Kilka następnych chwil minęło Jennie tak szybko, że ledwo odnalazła czas na mruganie. Graves rzucał na nią i Newta zaklęcia, których nie potrafili odbić. W całym zamieszaniu pojawiła się tam też Porpentyna, która próbowała uspokoić Obskurusa. Prawie jej się to udało, gdy pojawiła się MACUSA, która bez żadnego ostrzeżenia zaczęła ostrzeliwać czarną masę zaklęciami.
- Zostawcie go! - krzyczała raz Jenna, raz Newt, a raz Porpentyna, ale MACUSA była na to głucha.

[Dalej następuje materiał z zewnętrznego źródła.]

(* Assume (A1), $t>0$ and $x\in\mathrm{dom}\,J+t\,\mathrm{int}\,\mathrm{dom}\,H^*$. Then there exist unique $\bar u,\bar p\in\mathbb{R}^n$ with $$\bar u=\operatorname*{argmin}_{u\in\mathbb{R}^n}\Big\{tH^*\Big(\frac{x-u}{t}\Big)+J(u)\Big\},\qquad \bar p=\operatorname*{argmax}_{p\in\mathbb{R}^n}\{\langle p,x\rangle-tH(p)-J^*(p)\}.$$ Moreover, for $\bar u,\bar p\in\mathbb{R}^n$ the following are equivalent: (a) $\bar u$ and $\bar p$ solve these two problems respectively; (b) $x=\bar u+t\nabla H(\bar p)$ and $J(\bar u)+J^*(\bar p)-\langle\bar p,\bar u\rangle=0$. Additionally, $$\min_{u\in\mathbb{R}^n}\Big\{tH^*\Big(\frac{x-u}{t}\Big)+J(u)\Big\}=\max_{p\in\mathbb{R}^n}\{\langle p,x\rangle-tH(p)-J^*(p)\}.$$
   Context: $\Gamma_0(\mathbb{R}^n)$ denotes the set of proper, convex, lower semicontinuous functions $\mathbb{R}^n\to\mathbb{R}\cup\{+\infty\}$; $f^*$ is the Legendre–Fenchel transform. A function $g$ is 1-coercive if $g(x)/\|x\|\to+\infty$ as $\|x\|\to\infty$. A function $f\in\Gamma_0(\mathbb{R}^n)$ is Legendre if: $\mathrm{int}\,\mathrm{dom}\,f\neq\emptyset$; $f$ is differentiable on $\mathrm{int}\,\mathrm{dom}\,f$; $\partial f(x)=\emptyset$ for $x\in\mathrm{dom}\,f\setminus\mathrm{int}\,\mathrm{dom}\,f$ and $\partial f(x)=\{\nabla f(x)\}$ on $\mathrm{int}\,\mathrm{dom}\,f$; and $f$ is strictly convex on $\mathrm{int}\,\mathrm{dom}\,f$. Assumption (A1): $J,H\in\Gamma_0(\mathbb{R}^n)$, $J$ is 1-coercive, and $H$ is a Legendre function. *)

From HB Require Import structures.
From mathcomp Require Import all_boot all_order all_algebra.
From mathcomp Require Import all_classical all_reals all_analysis.
Set Implicit Arguments. Unset Strict Implicit. Unset Printing Implicit Defensive.
Import Order.TTheory GRing.Theory Num.Theory.
Import numFieldNormedType.Exports.
Local Open Scope classical_set_scope.
Local Open Scope ring_scope.

Section ConvexDefs.
Variables (R : realType) (n : nat).
Notation V := 'rV[R]_n.

Definition dotp (u v : V) : R := \sum_(i < n) u ord0 i * v ord0 i.
Definition enorm (u : V) : R := Num.sqrt (dotp u u).

Definition edom (f : V -> \bar R) : set V := [set x | (f x < +oo)%E].

Definition proper_fun (f : V -> \bar R) : Prop :=
  (forall x, f x != -oo%E) /\ (exists x, (f x < +oo)%E).

Definition convex_fun (f : V -> \bar R) : Prop :=
  forall x y (l : R), edom f x -> edom f y -> 0 < l -> l < 1 ->
    (f ((1 - l) *: x + l *: y)%R <= (1 - l)%:E * f x + l%:E * f y)%E.

Definition lsc_fun (f : V -> \bar R) : Prop :=
  forall x (a : R), (a%:E < f x)%E -> \forall y \near x, (a%:E < f y)%E.

Definition Gamma0 (f : V -> \bar R) : Prop :=
  [/\ proper_fun f, convex_fun f & lsc_fun f].

Definition lf_conj (f : V -> \bar R) : V -> \bar R :=
  fun p => ereal_sup [set ((dotp p x)%:E - f x)%E | x in [set: V]].

Definition coercive1 (g : V -> \bar R) : Prop :=
  forall M : R, exists r : R, forall x, r < enorm x ->
    (M%:E < g x * (enorm x)^-1%:E)%E.

Definition subdiff (f : V -> \bar R) (x : V) : set V :=
  [set p | forall y, (f x + (dotp p (y - x))%:E <= f y)%E].

Definition freal (f : V -> \bar R) : V -> R := fun x => fine (f x).

Definition grad (f : V -> \bar R) (x : V) : V :=
  \row_(i < n) ('D_(delta_mx ord0 i) (freal f) x : R).

Definition Legendre (f : V -> \bar R) : Prop :=
  Gamma0 f /\ [/\ interior (edom f) !=set0,
      (forall x, interior (edom f) x -> differentiable (freal f) x),
      (forall x, edom f x -> ~ interior (edom f) x -> subdiff f x = set0),
      (forall x, interior (edom f) x -> subdiff f x = [set grad f x]) &
      (forall x y (l : R), interior (edom f) x -> interior (edom f) y ->
          x != y -> 0 < l -> l < 1 ->
          (f ((1 - l) *: x + l *: y)%R < (1 - l)%:E * f x + l%:E * f y)%E)].

Definition is_minimizer (F : V -> \bar R) (u : V) : Prop :=
  forall v, (F u <= F v)%E.
Definition is_maximizer (G : V -> \bar R) (p : V) : Prop :=
  forall q, (G q <= G p)%E.

End ConvexDefs.

From HB Require Import structures.
From mathcomp Require Import all_boot all_order all_algebra.
From mathcomp Require Import all_classical all_reals all_analysis.
From mathcomp Require Import lra ring.
Import Order.TTheory GRing.Theory Num.Theory.
Import numFieldNormedType.Exports.
Local Open Scope classical_set_scope.
Local Open Scope ring_scope.
Set Implicit Arguments. Unset Strict Implicit. Unset Printing Implicit Defensive.

(** Weak duality [G p <= F u] is Fenchel--Young for [H] and for [J].  A primal
    minimizer [ub] exists because [F] is lower semicontinuous and inherits the
    1-coercivity of [J].  To find a dual point closing the gap without a
    subdifferential sum rule, regularize [J] into
    [Jreg v = J v + |v - ub|^2 / 2]: its conjugate is finite and has a quadratic
    upper bound near any point where it is attained.  The regularized dual
    objective [t H p + Jreg^* p - <p, x>] attains its minimum at some [pt],
    because [b \in int dom H^*] makes [H] grow linearly in every direction;
    if [vt] attains [Jreg^* pt], first-order perturbations show
    [(x - vt) / t \in dH(pt)] and [pt - (vt - ub) \in dJ(vt)].  Minimality of
    [ub] then forces [vt = ub], which yields a pair satisfying (b).  Equal
    optimal values turn any optimal pair into one satisfying (b) via the
    equality case of Fenchel--Young; the Legendre property turns [dH(p)] into
    [grad H p]; uniqueness of the primal solution follows from
    [x = u + t grad H p], that of the dual one from strict convexity of [H] on
    [int dom H]. *)

Lemma ge0_of_perturbed_ge0 (R : realFieldType) (a b : R) :
  (forall s, 0 < s -> s < 1 -> 0 <= a + s * b) -> 0 <= a.
Proof.
move=> h; rewrite leNgt; apply/negP => a0.
pose s := Num.min (1/2) (- a / (2 * (`|b| + 1))).
have b1 : 0 < `|b| + 1 by rewrite ltr_wpDl.
have s0 : 0 < s.
  by rewrite lt_min; apply/andP; split => //; rewrite divr_gt0 // ?oppr_gt0 // mulr_gt0.
have s1 : s < 1 by rewrite gt_min; apply/orP; left; lra.
have sb : s * b <= s * `|b| by apply: ler_wpM2l; [exact: ltW | exact: ler_norm].
have sle : s <= - a / (2 * (`|b| + 1)) by rewrite ge_min lexx orbT.
have hq : - a / (2 * (`|b| + 1)) * (`|b| + 1) = - a / 2 by field; rewrite gt_eqF.
have := h s s0 s1; have : 0 <= `|b| by []; nra.
Qed.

Obskurus ostatecznie eksplodował, a siła wybuchu odrzuciła Newta i Jennę na tory metra. Dziewczynie widok przysłonił dym i liczne odłamki, czuła jednak, że Scamander leżał przy niej i przyjął na siebie większość uderzenia. Nie zrobił tego specjalnie, ale Jenna była mu za to wdzięczna i chciała jak najprędzej upewnić się, że było z nim wszystko w porządku. Co działo się z Porpentyną, ludźmi z MACUSY czy w ogóle Gravesem - to nie mogło jej bardziej nie obchodzić.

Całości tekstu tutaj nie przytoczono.